Синяя борода - Курт Воннегут
Шрифт:
Интервал:
Закладка:
– Лучше б не верила. А может, и неважно, верила или нет, потому что все равно умирала с голоду, когда пришла одна в Долину Радости.
– Она пыталась украсть цыпленка на ферме. Но крестьянин в окно спальни увидел ее и выстрелил из мелкокалиберки, которую держал под периной. Цыганка убежала. Крестьянин думал, что промахнулся, но он не промахнулся. Пулька попала ей в живот, она упала вот здесь и умерла. Через три дня пришли мы, все остальные.
* * *– Если она цыганская королева, где же ее подданные? – спросила Цирцея.
Я объяснил, что даже на вершине власти у королевы было лишь сорок подданных, включая грудных младенцев.

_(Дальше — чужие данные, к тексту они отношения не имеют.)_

(* Let $m>1$ be an integer and $0<\gamma<\frac12$. Then $\delta\mapsto F(m,\gamma,\delta)$ is non-increasing on $[0,1]$.
   Context: Logarithms base 2; $h$ is binary entropy; $\|u\|$ is Hamming weight. For an integer $m\ge1$, $\gamma\in(0,\frac12)$ and $\delta\in[0,1]$, let $H^*(m,\gamma,\delta)$ be the maximum entropy of a probability distribution $Q$ on $\mathbb{F}_2^m$ satisfying $\Pr_{u\sim Q}(u_i=1)=\gamma$ for all $1\le i\le m$ and $\Pr_{u\sim Q}(\|u\|\text{ odd})=\delta$; set $F(m,\gamma,\delta)=H^*(m,\gamma,\delta)-h(\delta)$ if such $Q$ exists and $F(m,\gamma,\delta)=-\infty$ otherwise. *)

From Stdlib Require Import Reals List Arith Classical ClassicalEpsilon.
Import ListNotations.
Open Scope R_scope.

(* F_2^m represented as the list of all boolean lists of length m. *)
Fixpoint cube (m : nat) : list (list bool) :=
  match m with
  | O => [nil]
  | S k => map (cons false) (cube k) ++ map (cons true) (cube k)
  end.

Definition sumL (f : list bool -> R) (l : list (list bool)) : R :=
  fold_right (fun u acc => f u + acc) 0 l.

Definition weight (u : list bool) : nat := length (filter (fun b => b) u).

Definition log2 (x : R) : R := ln x / ln 2.

(* x log2 x, with 0 log 0 = 0 automatically since 0 * _ = 0 *)
Definition plogp (x : R) : R := x * log2 x.

Definition ent (m : nat) (Q : list bool -> R) : R :=
  - sumL (fun u => plogp (Q u)) (cube m).

Definition h (d : R) : R := - plogp d - plogp (1 - d).

(* Q (values on cube m) is a probability distribution on F_2^m with
   Pr(u_i = 1) = gamma for all 1 <= i <= m (0-based index i < m here)
   and Pr(||u|| odd) = delta. *)
Definition feasible (m : nat) (gamma delta : R) (Q : list bool -> R) : Prop :=
  (forall u, In u (cube m) -> 0 <= Q u) /\
  sumL Q (cube m) = 1 /\
  (forall i : nat, (i < m)%nat ->
     sumL (fun u => if nth i u false then Q u else 0) (cube m) = gamma) /\
  sumL (fun u => if Nat.odd (weight u) then Q u else 0) (cube m) = delta.

Definition entropies (m : nat) (gamma delta : R) : R -> Prop :=
  fun x => exists Q, feasible m gamma delta Q /\ x = ent m Q.

(* H*(m,gamma,delta): the supremum (= maximum, by compactness) of the
   entropies of feasible distributions. *)
Definition Hstar (m : nat) (gamma delta : R) : R :=
  epsilon (inhabits 0) (fun H => is_lub (entropies m gamma delta) H).

Inductive ER : Type := Fin (r : R) | NegInf.

Definition ER_le (a b : ER) : Prop :=
  match a, b with
  | NegInf, _ => True
  | Fin _, NegInf => False
  | Fin x, Fin y => x <= y
  end.

Definition F (m : nat) (gamma delta : R) : ER :=
  if excluded_middle_informative (exists Q, feasible m gamma delta Q)
  then Fin (Hstar m gamma delta - h delta)
  else NegInf.

From Stdlib Require Import Reals List Arith Classical ClassicalEpsilon Lra Lia.
Import ListNotations.
Open Scope R_scope.

(* For t in (0,1] let P_t be the tilted distribution P_t(u) = c_(parity u) t^|u|, whose parity
   classes carry masses d and 1 - d.  Gibbs' inequality against P_t bounds the entropy of every
   feasible Q with odd mass d by a cross entropy which, minus h(d), is affine in d with slope
   ln O(t) - ln E(t) <= 0, where E and O are the even and odd parts of (1+t)^m.  For d1 < d2 the
   intermediate value theorem gives a t for which P_t itself is feasible with odd mass d1, so the
   bound is attained there:  H*(d2) - h(d2) <= bound(d2) - h(d2) <= bound(d1) - h(d1)
   = ent(P_t) - h(d1) <= H*(d1) - h(d1).  Feasibility at d2 forces d2 <= m gamma (odd weights are
   at least 1), which makes such a t exist; m > 1 and gamma < 1/2 are needed at t = 1. *)

Section SumL.
Implicit Types (f g : list bool -> R) (l : list (list bool)).

Lemma sumL_nil f : sumL f [] = 0.
Proof. reflexivity. Qed.

Lemma sumL_cons f a l : sumL f (a :: l) = f a + sumL f l.
Proof. reflexivity. Qed.

Lemma sumL_app f l1 l2 : sumL f (l1 ++ l2) = sumL f l1 + sumL f l2.
Proof.
  induction l1 as [|a l1 IH]; simpl app; rewrite ?sumL_nil, ?sumL_cons, ?IH; ring.
Qed.

Lemma sumL_ext f g l : (forall u, In u l -> f u = g u) -> sumL f l = sumL g l.
Proof.
  induction l as [|a l IH]; intros Hfg; [reflexivity|].
  rewrite !sumL_cons, (Hfg a (in_eq a l)), IH; [reflexivity|].
  intros u Hu. apply Hfg, in_cons, Hu.
Qed.

Lemma sumL_lin a b f g l :
  sumL (fun u => a * f u + b * g u) l = a * sumL f l + b * sumL g l.
Proof. induction l as [|u l IH]; rewrite ?sumL_nil, ?sumL_cons, ?IH; ring. Qed.

Lemma sumL_scal a f l : sumL (fun u => a * f u) l = a * sumL f l.
Proof. induction l as [|u l IH]; rewrite ?sumL_nil, ?sumL_cons, ?IH; ring. Qed.

Lemma sumL_plus f g l : sumL (fun u => f u + g u) l = sumL f l + sumL g l.
Proof. induction l as [|u l IH]; rewrite ?sumL_nil, ?sumL_cons, ?IH; ring. Qed.

Lemma sumL_0 l : sumL (fun _ => 0) l = 0.
Proof. induction l as [|u l IH]; rewrite ?sumL_nil, ?sumL_cons, ?IH; ring. Qed.

Lemma sumL_le f g l : (forall u, In u l -> f u <= g u) -> sumL f l <= sumL g l.
Proof.
  induction l as [|a l IH]; intros Hfg; rewrite ?sumL_nil, ?sumL_cons; [lra|].
  apply Rplus_le_compat; [apply Hfg | apply IH; intros; apply Hfg]; simpl; auto.
Qed.

Lemma sumL_nonneg f l : (forall u, In u l -> 0 <= f u) -> 0 <= sumL f l.
Proof. intros Hf. rewrite <- (sumL_0 l). now apply sumL_le. Qed.

Lemma sumL_nonneg_eq0 f l : (forall u, In u l -> 0 <= f u) -> sumL f l = 0 ->
  forall u, In u l -> f u = 0.
Proof.
  induction l as [|a l IH]; intros Hf Hs u Hu; [destruct Hu|].
  rewrite sumL_cons in Hs.
  assert (0 <= f a) by (apply Hf; now left).
  assert (0 <= sumL f l) by (apply sumL_nonneg; intros; apply Hf; now right).
  destruct Hu as [<-|Hu]; [lra|].
  apply IH; auto; [intros; apply Hf; now right | lra].
Qed.

End SumL.

Lemma sumL_cube_S f n : sumL f (cube (S n)) =
  sumL (fun u => f (false :: u)) (cube n) + sumL (fun u => f (true :: u)) (cube n).
Proof.
  simpl cube. rewrite sumL_app.
  f_equal; generalize (cube n); induction l as [|a l IH]; simpl map;
    rewrite ?sumL_nil, ?sumL_cons, ?IH; reflexivity.
Qed.

Lemma length_cube n u : In u (cube n) -> length u = n.
Proof.
  revert u; induction n as [|n IH]; simpl; intros u Hu.
  - now destruct Hu as [<-|[]].
  - apply in_app_or in Hu.
    destruct Hu as [Hu|Hu]; apply in_map_iff in Hu; destruct Hu as [v [<- Hv]];
      simpl; f_equal; auto.
Qed.

Fixpoint sum_upto (g : nat -> R) (n : nat) : R :=
  match n with
  | O => 0
  | S k => sum_upto g k + g k
  end.

Lemma sum_upto_shift g n : sum_upto g (S n) = g O + sum_upto (fun i => g (S i)) n.
Proof. induction n as [|n IH]; simpl in *; [ring|]. rewrite IH. ring. Qed.

Lemma sum_upto_ext g1 g2 n : (forall i, (i < n)%nat -> g1 i = g2 i) ->
  sum_upto g1 n = sum_upto g2 n.
Proof.
  induction n as [|n IH]; intros Hg; simpl; [reflexivity|].
  rewrite Hg, IH; [reflexivity | intros; apply Hg |]; lia.
Qed.

Lemma sum_upto_const c n : sum_upto (fun _ => c) n = INR n * c.
Proof. induction n as [|n IH]; simpl sum_upto; [simpl; ring|]. rewrite IH, S_INR. ring. Qed.

Lemma sum_upto_scal c g n : c * sum_upto g n = sum_upto (fun i => c * g i) n.
Proof. induction n as [|n IH]; simpl; [ring|]. rewrite <- IH. ring. Qed.

Lemma weight_sum_upto u :
  INR (weight u) = sum_upto (fun i => if nth i u false then 1 else 0) (length u).
Proof.
  induction u as [|b u IH]; [reflexivity|].
  simpl length. rewrite sum_upto_shift. simpl nth. rewrite <- IH.
  destruct b.
  - change (weight (true :: u)) with (S (weight u)). rewrite S_INR. ring.
  - change (weight (false :: u)) with (weight u). ring.
Qed.

Lemma sumL_sum_upto (g : list bool -> nat -> R) n l :
  sumL (fun u => sum_upto (g u) n) l = sum_upto (fun i => sumL (fun u => g u i) l) n.
Proof.
  induction n as [|n IH]; simpl sum_upto; [apply sumL_0|].
  rewrite sumL_plus, IH. reflexivity.
Qed.

Section Feasible.
Variables (m : nat) (gamma d : R) (Q : list bool -> R).
Hypothesis HQ : feasible m gamma d Q.

Lemma feasible_mean_weight : sumL (fun u => Q u * INR (weight u)) (cube m) = INR m * gamma.
Proof.
  destruct HQ as (_ & _ & Hmarg & _).
  rewrite (sumL_ext _ (fun u => sum_upto (fun i => if nth i u false then Q u else 0) m)).
  - rewrite sumL_sum_upto, <- sum_upto_const. apply sum_upto_ext. exact Hmarg.
  - intros u Hu. rewrite weight_sum_upto, (length_cube m u Hu), sum_upto_scal.
    apply sum_upto_ext. intros i _. destruct (nth i u false); ring.
Qed.

Lemma feasible_even_mass :
  sumL (fun u => if Nat.odd (weight u) then 0 else Q u) (cube m) = 1 - d.
Proof.
  destruct HQ as (_ & Htot & _ & Hodd).
  assert (Hsplit : sumL Q (cube m) = sumL (fun u => if Nat.odd (weight u) then Q u else 0) (cube m)
    + sumL (fun u => if Nat.odd (weight u) then 0 else Q u) (cube m)).
  { rewrite <- sumL_plus. apply sumL_ext. intros u _. destruct (Nat.odd (weight u)); ring. }
  lra.
Qed.

Lemma feasible_parity_le_mean : d <= INR m * gamma.
Proof.
  rewrite <- feasible_mean_weight. destruct HQ as (Hnn & _ & _ & <-).
  apply sumL_le. intros u Hu. specialize (Hnn u Hu).
  destruct (Nat.odd (weight u)) eqn:Hodd.
  - destruct (weight u) as [|w]; [discriminate|].
    rewrite S_INR. pose proof (pos_INR w). nra.
  - pose proof (pos_INR (weight u)). nra.
Qed.

Lemma feasible_odd_support u : In u (cube m) -> Nat.odd (weight u) = true -> d = 0 -> Q u = 0.
Proof.
  intros Hu Hw Hd. destruct HQ as (Hnn & _ & _ & Hodd).
  apply (sumL_nonneg_eq0 (fun v => if Nat.odd (weight v) then Q v else 0) (cube m))
    in Hu; [now rewrite Hw in Hu | | lra].
  intros v Hv. destruct (Nat.odd (weight v)); [now apply Hnn | lra].
Qed.

Lemma feasible_even_support u : In u (cube m) -> Nat.odd (weight u) = false -> d = 1 -> Q u = 0.
Proof.
  intros Hu Hw Hd. destruct HQ as (Hnn & _ & _ & _).
  apply (sumL_nonneg_eq0 (fun v => if Nat.odd (weight v) then 0 else Q v) (cube m))
    in Hu; [now rewrite Hw in Hu | | rewrite feasible_even_mass; lra].
  intros v Hv. destruct (Nat.odd (weight v)); [lra | now apply Hnn].
Qed.

End Feasible.

(** * Gibbs' inequality *)

Lemma xlnx_ge_xlny q p : 0 <= q -> 0 <= p -> (p = 0 -> q = 0) ->
  q * ln p <= q * ln q + p - q.
Proof.
  intros [Hq|<-] Hp Hsupp; [|lra].
  destruct Hp as [Hp|<-]; [|specialize (Hsupp eq_refl); lra].
  (* ln (p/q) <= p/q - 1, multiplied by q *)
  pose proof (exp_ineq1_le (ln p + - ln q)) as Hexp.
  rewrite exp_plus, exp_Ropp, !exp_ln in Hexp by assumption.
  apply Rmult_le_compat_l with (r := q) in Hexp; [|lra].
  replace (q * (p * / q)) with p in Hexp by (field; lra). lra.
Qed.

Lemma sumL_gibbs P Q l :
  (forall u, In u l -> 0 <= Q u) -> (forall u, In u l -> 0 <= P u) ->
  (forall u, In u l -> P u = 0 -> Q u = 0) -> sumL P l = sumL Q l ->
  sumL (fun u => Q u * ln (P u)) l <= sumL (fun u => Q u * ln (Q u)) l.
Proof.
  intros HQ HP Hsupp Hmass.
  apply Rle_trans with (sumL (fun u => Q u * ln (Q u) + P u + -1 * Q u) l).
  - apply sumL_le. intros u Hu.
    pose proof (xlnx_ge_xlny (Q u) (P u) (HQ u Hu) (HP u Hu) (Hsupp u Hu)). lra.
  - rewrite !sumL_plus, sumL_scal, Hmass. lra.
Qed.

(** * Generating functions of the weight *)

Lemma sumL_pow_weight x n : sumL (fun u => x ^ weight u) (cube n) = (1 + x) ^ n.
Proof.
  induction n as [|n IH]; [simpl; ring|].
  rewrite sumL_cube_S, (sumL_scal x (fun u => x ^ weight u)).
  change (sumL (fun u => x ^ weight (false :: u)) (cube n)) with
    (sumL (fun u => x ^ weight u) (cube n)).
  rewrite IH. simpl. ring.
Qed.

Lemma sumL_nth_pow_weight x n i : (i < S n)%nat ->
  sumL (fun u => if nth i u false then x ^ weight u else 0) (cube (S n)) = x * (1 + x) ^ n.
Proof.
  revert i; induction n as [|n IH]; intros i Hi; rewrite sumL_cube_S.
  - destruct i as [|i]; [|lia]. simpl. ring.
  - destruct i as [|i]; simpl nth.
    + rewrite (sumL_scal x (fun u => x ^ weight u)), sumL_pow_weight.
      rewrite sumL_0. ring.
    + rewrite (sumL_ext (fun u => if nth i u false then x ^ weight (true :: u) else 0)
        (fun u => x * (if nth i u false then x ^ weight u else 0)))
        by (intros u _; destruct (nth i u false); [reflexivity | ring]).
      rewrite sumL_scal. simpl weight. rewrite !IH by lia. simpl. ring.
Qed.

Lemma pow_opp_weight t w : (- t) ^ w = if Nat.odd w then - t ^ w else t ^ w.
Proof.
  induction w as [|w IH]; [reflexivity|].
  simpl pow. rewrite IH, Nat.odd_succ, <- Nat.negb_odd.
  destruct (Nat.odd w); simpl; ring.
Qed.

Definition gf_even (n : nat) (t : R) : R := ((1 + t) ^ n + (1 - t) ^ n) / 2.
Definition gf_odd (n : nat) (t : R) : R := ((1 + t) ^ n - (1 - t) ^ n) / 2.

Lemma odd_part_pow t w :
  (if Nat.odd w then t ^ w else 0) = / 2 * t ^ w + - / 2 * (- t) ^ w.
Proof. rewrite pow_opp_weight. destruct (Nat.odd w); field. Qed.

Lemma even_part_pow t w :
  (if Nat.odd w then 0 else t ^ w) = / 2 * t ^ w + / 2 * (- t) ^ w.
Proof. rewrite pow_opp_weight. destruct (Nat.odd w); field. Qed.

Lemma sumL_odd_pow_weight t n :
  sumL (fun u => if Nat.odd (weight u) then t ^ weight u else 0) (cube n) = gf_odd n t.
Proof.
  rewrite (sumL_ext _ _ _ (fun u _ => odd_part_pow t (weight u))).
  rewrite sumL_lin, !sumL_pow_weight. unfold gf_odd, Rminus. field.
Qed.

Lemma sumL_even_pow_weight t n :
  sumL (fun u => if Nat.odd (weight u) then 0 else t ^ weight u) (cube n) = gf_even n t.
Proof.
  rewrite (sumL_ext _ _ _ (fun u _ => even_part_pow t (weight u))).
  rewrite sumL_lin, !sumL_pow_weight. unfold gf_even, Rminus. field.
Qed.

Lemma sumL_nth_odd_pow_weight t n i : (i < S n)%nat ->
  sumL (fun u => if nth i u false then
    (if Nat.odd (weight u) then t ^ weight u else 0) else 0) (cube (S n)) = t * gf_even n t.
Proof.
  intros Hi.
  rewrite (sumL_ext _ (fun u => / 2 * (if nth i u false then t ^ weight u else 0)
    + - / 2 * (if nth i u false then (- t) ^ weight u else 0))).
  - rewrite sumL_lin, !sumL_nth_pow_weight by exact Hi. unfold gf_even, Rminus. field.
  - intros u _. destruct (nth i u false); [apply odd_part_pow | ring].
Qed.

В Европе ведь было много споров, какие расы и подрасы паразитические, какие – нет, но все европейцы сходились на том, что цыгане, эти воры, которые предсказывают судьбу и крадут детей, представляют угрозу для общества. За ними охотились повсюду. Королева и ее люди бросили свои повозки, стали одеваться не по-цыгански – старались, чтобы ничто не могло их выдать. Днем они прятались в лесах, а пищу промышляли, когда стемнеет.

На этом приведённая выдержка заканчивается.